The divisions surrounding the death of Queen Elizabeth II is just one more layer to the psychic civil war we’re experiencing. In this war I declare myself categorically to be a Roundhead. It’s not that I wish any of the individuals of the Royal Family any personal harm. I can understand, and sympathize with, their grief over the loss of a much loved family member, but questioning the institution of the monarchy is not the same as attacking the individuals. The Queen was Queen by historical accident, not by divine right, something that The Fiery Flying Roll makes clear.

It’s wall-to-wall royalty in our media at the moment. On the day of Elizabeth’s death all programming on the BBC that wasn’t about her ceased. Two channels were cancelled altogether, while the rest were either showing rolling news, with royalist pundits pouring out an endless stream of dreary, repetitive cliches, or artfully constructed tribute programs prepared years in advance. The same was reflected on all the other channels and across the airwaves. I didn’t turn on the TV for fear of being drowned in a wave of mawkish sentimentality.

It’s as if there’s only one possible view in our country and all others have been summarily cancelled. It’s like we’re living in a Stalinist dictatorship, like North Korea when Kim Jong-il died. No other thought is allowed in our brains. The monarchists hold total sway. All pundits are dressed in black and wear somber expressions. The only time anyone is allowed to smile is when they recall something sweet about the Queen, who, we’re to understand, is the Grandmother of the nation. We’re all supposed to be in mourning, as if a member of our own family had died.

I understand this to some degree. Famous people do acquire the status of family in our collective imagination. I was very sad when Bowie died, even though I didn’t know him. But Bowie was relatively young and still looked in good health, so his death came as a surprise. Not so the Queen, who was 96 and had looked increasingly fragile in the last few years.

A better example might be Noam Chomsky. He too is getting on, 93 now. He’s looking fragile. One thing I’ve noticed is that old men tend to stop shaving before they die. My dad did, as did Tony Benn, another culture hero of the left. Chomsky has appeared unshaven for at least a year. I’ll be sad when he passes. His has been the voice of reason in my life, the voice of sanity. But I wouldn’t demand that everyone else be sad. I’d hope for a decent hour-long program on the BBC summing up his life, and words of remembrance from those that knew him, but I don’t suppose we’ll get more than a 30-second slot on the news, if that.
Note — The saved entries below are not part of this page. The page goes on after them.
(* (C_q) is an affine constraint, hence also convex. *)
Lemma Cq_slack_segment (s : params) (q : nat) (x v : nat -> R) (t : R) :
  Cq_slack s q x >= 0 -> Cq_slack s q v >= 0 -> 0 <= t <= 1 ->
  Cq_slack s q (fun k => x k + t * vsub v x k) >= 0.
Proof.
  intros Hx Hv Ht.
  assert (E : Cq_slack s q (fun k => x k + t * vsub v x k)
              = (1 - t) * Cq_slack s q x + t * Cq_slack s q v).
  { unfold Cq_slack, vsub.
    rewrite (rsum_ext _ _ (fun j => (1 - t) * ((HSD s q * HJE s j - HSE s q * HJD s j q) * x (S j))
               + t * ((HSD s q * HJE s j - HSE s q * HJD s j q) * v (S j)))) by (intros; ring).
    rewrite rsum_plus, !rsum_scal. ring. }
  rewrite E. nra.
Qed.

Lemma potential_max_BQGNE (s : params) (X : nat -> nat -> R) :
  valid_params s -> joint_feasible s no_constraint X ->
  (forall Y, joint_feasible s no_constraint Y ->
     potential s (r_s s) Y <= potential s (r_s s) X) ->
  BQGNE s X.
Proof.
  intros Hs HF Hmax q Hq. pose proof (joint_feasible_inPq s _ X q HF Hq) as HX.
  split; [exact HX|]. intros v Hv.
  apply segment_max_dirderiv; [exact Hs|exact Hq|apply (proj1 HF q Hq)|].
  intros t Ht. apply (potential_max_best_response s no_constraint (r_s s) X HF Hmax q Hq).
  - apply inPq_segment; [exact HX|exact Hv|lra].
  - unfold no_constraint. lra.
Qed.

Lemma potential_max_QGNE_sm (s : params) (X : nat -> nat -> R) :
  valid_params s -> joint_feasible s (Cq_slack s) X ->
  (forall Y, joint_feasible s (Cq_slack s) Y ->
     potential s (rt_s s) Y <= potential s (rt_s s) X) ->
  QGNE_sm s X.
Proof.
  intros Hs HF Hmax q Hq. pose proof (joint_feasible_inPq s _ X q HF Hq) as HX.
  destruct (proj1 HF q Hq) as (Hnn & _ & HC).
  split; [split; [exact HX|exact HC]|]. intros v [Hv HCv].
  exists (secrecy_grad s q (X q)). split; [apply rt_gradient; assumption|].
  apply segment_max_grad; [exact Hs|exact Hq|exact Hnn|].
  intros t Ht. apply (potential_max_best_response s (Cq_slack s) (rt_s s) X HF Hmax q Hq).
  - apply inPq_segment; [exact HX|exact Hv|lra].
  - apply Cq_slack_segment; [exact HC|exact HCv|lra].
Qed.

Definition strategy_local (s : params) (g : nat -> (nat -> R) -> R) : Prop :=
  forall q v w, (forall k, (k <= NJ s)%nat -> v k = w k) -> g q v = g q w.

Definition profiles_agree (s : params) (X Y : nat -> nat -> R) : Prop :=
  forall r k, (r < NQ s)%nat -> (k <= NJ s)%nat -> X r k = Y r k.

Lemma potential_agree (s : params) (g : nat -> (nat -> R) -> R) (X Y : nat -> nat -> R) :
  strategy_local s g -> profiles_agree s X Y -> potential s g X = potential s g Y.
Proof.
  intros Hg HA. apply rsum_ext. intros r Hr. apply Hg. intros k Hk. apply HA; assumption.
Qed.

Lemma joint_feasible_agree (s : params) (Ce : nat -> (nat -> R) -> R) (X Y : nat -> nat -> R) :
  strategy_local s Ce -> profiles_agree s X Y -> joint_feasible s Ce X -> joint_feasible s Ce Y.
Proof.
  intros Hg HA [F1 F2]. split.
  - intros q Hq. destruct (F1 q Hq) as (A & B & C). split; [|split].
    + intros k Hk. rewrite <- (HA q k Hq Hk). apply A, Hk.
    + rewrite <- (HA q 0%nat Hq ltac:(lia)). exact B.
    + rewrite <- (Hg q (X q) (Y q)); [exact C|]. intros k Hk. apply HA; assumption.
  - intros j Hj. rewrite <- (rsum_ext _ (fun r => X r (S j))); [apply F2, Hj|].
    intros r Hr. apply HA; [exact Hr|lia].
Qed.

Lemma rt_s_local (s : params) : strategy_local s (rt_s s).
Proof.
  intros q v w H. rewrite !rt_s_rates. unfold rate_D, rate_E.
  rewrite (rate_local _ _ _ _ v w H), (rate_local _ _ _ _ v w H). reflexivity.
Qed.

Lemma r_s_local (s : params) : strategy_local s (r_s s).
Proof. intros q v w H. unfold r_s. rewrite (rt_s_local s q v w H). reflexivity. Qed.

Lemma Cq_slack_local (s : params) : strategy_local s (Cq_slack s).
Proof.
  intros q v w H. unfold Cq_slack.
  rewrite (rsum_ext _ _ (fun j => (HSD s q * HJE s j - HSE s q * HJD s j q) * w (S j)));
    [reflexivity|].
  intros j Hj. rewrite (H (S j)) by lia. reflexivity.
Qed.

Lemma no_constraint_local (s : params) : strategy_local s no_constraint.
Proof. intros q v w _. reflexivity. Qed.

Fixpoint max_upto (n : nat) (F : nat -> R) : R :=
  match n with O => 0 | S n => Rmax (max_upto n F) (F n) end.

Lemma max_upto_nonpos (n : nat) (F : nat -> R) :
  max_upto n F <= 0 <-> (forall j, (j < n)%nat -> F j <= 0).
Proof.
  induction n; simpl; split.
  - intros; lia.
  - intros; lra.
  - intros H j Hj. destruct (Nat.eq_dec j n) as [-> | Hne].
    + eapply Rle_trans; [apply Rmax_r|exact H].
    + apply IHn; [eapply Rle_trans; [apply Rmax_l|exact H]|lia].
  - intros H. apply Rmax_lub; [apply IHn; intros; apply H; lia|apply H; lia].
Qed.

(* The largest violation of the budget and [Ce] constraints; on nonnegative
   profiles, feasibility is the sublevel set [{violation <= 0}]. *)
Definition violation (s : params) (Ce : nat -> (nat -> R) -> R) (X : nat -> nat -> R) : R :=
  Rmax (max_upto (NQ s) (fun q => Rmax (X q 0%nat - Pb s q) (- Ce q (X q))))
       (max_upto (NJ s) (fun j => rsum (NQ s) (fun r => X r (S j)) - PJb s j)).

Lemma violation_feasible (s : params) (Ce : nat -> (nat -> R) -> R) (X : nat -> nat -> R) :
  (forall q, (q < NQ s)%nat -> nonneg_strategy (NJ s) (X q)) ->
  violation s Ce X <= 0 -> joint_feasible s Ce X.
Proof.
  intros Hn H. unfold violation in H.
  pose proof (Rle_trans _ _ _ (Rmax_l _ _) H) as H1.
  pose proof (Rle_trans _ _ _ (Rmax_r _ _) H) as H2.
  rewrite max_upto_nonpos in H1, H2. split.
  - intros q Hq. specialize (H1 q Hq). cbv beta in H1.
    pose proof (Rmax_l (X q 0%nat - Pb s q) (- Ce q (X q))).
    pose proof (Rmax_r (X q 0%nat - Pb s q) (- Ce q (X q))).
    split; [apply Hn, Hq|split; lra].
  - intros j Hj. specialize (H2 j Hj). cbv beta in H2. lra.
Qed.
To me, Noam Chomsky is much more important that the Queen, having educated generations of people into an understanding of the structures of our world, and the manufacture of consent that underlies it. The media’s lopsided perspective is obvious. An old lady who did nothing all her life but serve as a shop dummy for the looted jewelry of the Empire is given weeks of servile obeisance, while a world-famous scientist is unlikely to get more than a few seconds of passing commentary if we’re lucky. We live in a propaganda bubble. Our pundits justifiably mock the excesses of the North Korean media, and yet they do the same thing.
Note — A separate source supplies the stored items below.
(* Let $k$ be an odd integer with $k\ge 5$, let $D$ be a strong $k$-quasi-transitive digraph with $\mathrm{diam}(D)\ge k+2$, let $u,v\in V(D)$ with $d(u,v)=k+2$, and let $P$ be a shortest $(u,v)$-path. Let $I=\{x\in V(D)\setminus V(P): x\Rightarrow V(P)\}$, $W=\{x\in V(D)\setminus V(P): V(P)\Rightarrow x\}$ and $B=V(D)\setminus(V(P)\cup I\cup W)$. If $D[V(P)]$ is a semicomplete bipartite digraph, then $D[B]$ is either a semicomplete bipartite digraph or an empty digraph.
   Context: All digraphs are finite, without loops or multiple arcs (opposite arcs allowed). Vertices $x,y$ are adjacent if $xy$ or $yx$ is an arc. For vertex sets $X,Y$ (singletons identified with vertices), $X\Rightarrow Y$ means there is no arc from $Y$ to $X$. For $k\ge 2$, $D$ is $k$-quasi-transitive if for every path $x_0x_1\ldots x_k$ of length $k$, $x_0$ and $x_k$ are adjacent. $d(x,y)$ is the length of a shortest $(x,y)$-path, $\mathrm{diam}(D)=\max_{x,y}d(x,y)$. $D[S]$ is the induced subdigraph. A semicomplete bipartite digraph: there is a bipartition $(X,Y)$ of the vertex set with no arcs inside $X$ or $Y$ and every vertex of $X$ adjacent to every vertex of $Y$. An empty digraph is one with no arcs. *)

From mathcomp Require Import all_boot.
Set Implicit Arguments. Unset Strict Implicit. Unset Printing Implicit Defensive.

(* A digraph is a finite vertex type T with an arc relation A : rel T
   (A x y = there is an arc x -> y); loops are excluded by a separate
   irreflexivity hypothesis; opposite arcs are allowed. *)

Section Digraph.
Variables (T : finType) (A : rel T).

Definition adjacent (x y : T) : bool := A x y || A y x.

(* A path x :: p : consecutive arcs and pairwise distinct vertices.
   Its length is size p; it goes from x to last x p. *)
Definition is_dpath (x : T) (p : seq T) : bool := path A x p && uniq (x :: p).

Definition k_quasi_transitive (k : nat) : Prop :=
  forall x p, size p = k -> is_dpath x p -> adjacent x (last x p).

Definition strong : Prop := forall x y : T, connect A x y.

Definition is_dist (x y : T) (n : nat) : Prop :=
  (exists p, [/\ is_dpath x p, last x p = y & size p = n]) /\
  (forall p, is_dpath x p -> last x p = y -> n <= size p).

Definition diam_ge (m : nat) : Prop :=
  exists x y n, is_dist x y n /\ m <= n.

Definition shortest_path (x y : T) (p : seq T) : Prop :=
  [/\ is_dpath x p, last x p = y &
      forall q, is_dpath x q -> last x q = y -> size p <= size q].

Definition dom (X Y : {set T}) : bool := [forall x in X, forall y in Y, ~~ A y x].

Definition semicomplete_bipartite (S : {set T}) : Prop :=
  exists X Y : {set T},
    [/\ X :|: Y = S, [disjoint X & Y],
        (forall x y, x \in X -> y \in X -> ~~ A x y),
        (forall x y, x \in Y -> y \in Y -> ~~ A x y) &
        (forall x y, x \in X -> y \in Y -> adjacent x y)].

Definition empty_digraph (S : {set T}) : Prop :=
  forall x y, x \in S -> y \in S -> ~~ A x y.

End Digraph.

From mathcomp Require Import all_boot zify.
Set Implicit Arguments. Unset Strict Implicit. Unset Printing Implicit Defensive.

(* Write P = x_0 ... x_(k+2). As D[V(P)] is semicomplete bipartite, x_i and x_j are adjacent
   exactly when i - j is odd, and since P is shortest the arc then points backwards once
   |i - j| >= 3. A vertex z of B has an in- and an out-neighbour on P. Gluing the arcs at z to
   segments of P and to backward chords gives paths of length exactly k through z, whose ends
   must be adjacent: this either forces new neighbours of z on P or, when both ends are on P
   with indices of equal parity, is impossible. Hence all P-neighbours of z share one parity t,
   and z is adjacent to x_t, x_(t+2), x_(k-1+t) and x_(k+1+t). An arc x -> y inside B with x, y
   of equal parity t would give a k-path x -> y -> x_j -> ... -> x_(j+k-2) ending at parity
   1 - t; if x, y have different parities and are not adjacent, the k-paths
   x -> x_j -> ... -> x_(j+k-2) -> y and their mirror images leave no orientation for the arcs
   between x, y and those four vertices. So B splits by parity into a semicomplete bipartite
   digraph. *)

(* [lia] after clearing the non-arithmetic hypotheses, which make it very slow. *)
Ltac nat_lia :=
  repeat match goal with H : ?P |- _ => lazymatch P with
  | nat => fail | @eq _ _ _ => fail | ~ (@eq _ _ _) => fail
  | is_true (leq _ _) => fail | is_true (leq _ _ && leq _ _) => fail
  | is_true (~~ (_ == _)) => fail | is_true (odd _) => fail | _ => clear H end end; lia.

Lemma last_iota h l : last h (iota h.+1 l) = h + l.
Proof. by elim: l h => [|l IH] h /=; rewrite ?addn0 // IH addnS. Qed.

Lemma has_mem_iota a l1 b l2 :
  has (mem (iota a l1)) (iota b l2) = [&& 0 < l1, 0 < l2, a < b + l2 & b < a + l1].
Proof.
apply/hasP/idP => [[x]|H]; first by rewrite /= !mem_iota; lia.
by exists (maxn a b); rewrite /= mem_iota; lia.
Qed.

Ltac solve_uniq := rewrite /=;
  repeat rewrite ?cat_uniq ?cons_uniq ?iota_uniq ?mem_cat ?in_cons ?mem_iota ?has_cat
    ?has_mem_iota /=;
  rewrite ?in_nil ?orbF ?andbT; nat_lia.

Ltac solve_all := apply/allP => ? /=;
  repeat rewrite ?mem_cat ?in_cons ?mem_iota /=; rewrite ?in_nil ?orbF; nat_lia.

Ltac solve_size := repeat rewrite ?size_cat ?size_iota /=; nat_lia.

Lemma adjacentC (T : finType) (A : rel T) x y : adjacent A x y = adjacent A y x.
Proof. exact: orbC. Qed.

Lemma semicomplete_bipartite_subset (T : finType) (A : rel T) (S S' : {set T}) :
  S' \subset S -> semicomplete_bipartite A S -> semicomplete_bipartite A S'.
Proof.
move=> sub [X [Y [XY dXY noX noY adjXY]]].
exists (X :&: S'), (Y :&: S'); split.
- by rewrite -setIUl XY; apply/setIidPr.
- exact: disjointWl (subsetIl _ _) (disjointWr (subsetIl _ _) dXY).
- by move=> x y /setIP[hx _] /setIP[hy _]; apply: noX.
- by move=> x y /setIP[hx _] /setIP[hy _]; apply: noY.
- by move=> x y /setIP[hx _] /setIP[hy _]; apply: adjXY.
Qed.

Lemma shortest_path_size (T : finType) (A : rel T) u v p n :
  is_dist A u v n -> shortest_path A u v p -> size p = n.
Proof.
move=> [[q [q_dpath q_last q_size]] dist_min] [p_dpath p_last p_min].
by apply/eqP; rewrite eqn_leq -{1}q_size p_min // dist_min.
Qed.

Section ShortestPath.
Variables (T : finType) (A : rel T) (k : nat) (u v : T) (p : seq T).
Hypothesis kqt : k_quasi_transitive A k.
Hypothesis p_shortest : shortest_path A u v p.
Hypothesis size_p : size p = k.+2.

Local Notation n := k.+2.

Definition vP i := nth u (u :: p) i.

(* P extended by the vertices of [s], numbered k+3, k+4, ...; paths through them are built as
   duplicate-free index lists. *)
Definition ext (s : seq T) i := nth u (u :: p ++ s) i.

Lemma ext_vP s i : i <= n -> ext s i = vP i.
Proof. by move=> hi; rewrite /ext -cat_cons nth_cat /= size_p ltnS hi. Qed.

Lemma ext_next z s : ext (z :: s) n.+1 = z.
Proof. by rewrite /ext /= nth_cat size_p ltnn subnn. Qed.

Lemma ext_next2 y z s : ext (y :: z :: s) n.+2 = z.
Proof. by rewrite /ext /= nth_cat size_p ltnNge leqnSn subSnn. Qed.

Lemma p_dpath : is_dpath A u p.
Proof. by case: p_shortest. Qed.

Lemma vP_last : vP n = v.
Proof.
case: p_shortest => _ <- _.
by rewrite /vP -size_p -[size p]/((size (u :: p)).-1) nth_last.
Qed.

Lemma mem_vP i : i <= n -> vP i \in u :: p.
Proof. by move=> hi; apply: mem_nth; rewrite /= size_p ltnS. Qed.

Lemma vP_of_mem z : z \in u :: p -> exists2 i, i <= n & z = vP i.
Proof.
move=> hz; exists (index z (u :: p)); last by rewrite /vP nth_index.
by rewrite -ltnS -size_p -[(size p).+1]/(size (u :: p)) index_mem.
Qed.

Lemma vP_arc i : i < n -> A (vP i) (vP i.+1).
Proof.
by case/andP: p_dpath => /(pathP u) /(_ i); rewrite size_p /vP /= => H _ /H.
Qed.

Lemma ext_uniq s : [disjoint u :: p & s] -> uniq s -> uniq (u :: p ++ s).
Proof.
case/andP: p_dpath => _ U dis Us.
rewrite -cat_cons cat_uniq U Us -all_predC /= andbT.
by apply/allP => x xs; rewrite /= (disjointFl dis xs).
Qed.

Section Extension.
Variable s : seq T.
Hypothesis ps_uniq : uniq (u :: p ++ s).

Lemma ext_inj L : all (fun i => i < n.+1 + size s) L -> {in L &, injective (ext s)}.
Proof.
move=> /allP L_bd i j /L_bd hi /L_bd hj /eqP.
have size_ps : size (u :: p ++ s) = n.+1 + size s by rewrite /= size_cat size_p.
by rewrite /ext nth_uniq ?size_ps // => /eqP.
Qed.

Lemma ext_dpath h L :
  all (fun i => i < n.+1 + size s) (h :: L) -> uniq (h :: L) ->
  path (relpre (ext s) A) h L -> is_dpath A (ext s h) (map (ext s) L).
Proof.
move=> L_bd L_uniq L_path; apply/andP; split; first by rewrite path_map.
by rewrite -map_cons (map_inj_in_uniq (ext_inj L_bd)).
Qed.

Lemma ext_adjacent h L :
  all (fun i => i < n.+1 + size s) (h :: L) -> uniq (h :: L) ->
  path (relpre (ext s) A) h L -> size L = k -> adjacent A (ext s h) (ext s (last h L)).
Proof.
move=> L_bd L_uniq L_path L_size; rewrite -last_map.
by apply: kqt; [rewrite size_map | exact: ext_dpath].
Qed.

Lemma ext_shortest L :
  all (fun i => i < n.+1 + size s) (0 :: L) -> uniq (0 :: L) ->
  path (relpre (ext s) A) 0 L -> last 0 L = n -> n <= size L.
Proof.
move=> L_bd L_uniq L_path L_last; rewrite -size_p -(size_map (ext s)).
case: p_shortest => _ _; apply; rewrite -[u]/(ext s 0); first exact: ext_dpath.
by rewrite last_map L_last ext_vP // vP_last.
Qed.

End Extension.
The Fiery Flying Roll reminds us that Britain is a nation of diverse opinions and always has been. Twenty-nine percent of the British public are in favor of the monarchy’s abolition and while the new King isn’t as universally hated as at the time of Diana’s death, his poll ratings show that he’s not adored either. The Queen was always loved by the majority of the population, and even amongst republicans there was a grudging sense of respect. She was the last living representative of the post-war consensus, which saw living standards rise in the UK, the birth of the National Health Service, and the creation of the welfare state. All that is being rolled back. Living standards are falling, the NHS is being privatized, the safety net is being withdrawn and the billionaires have become the new aristocracy, lording it over the rest of the population. What’s left to be loyal to now that the old Queen is dead?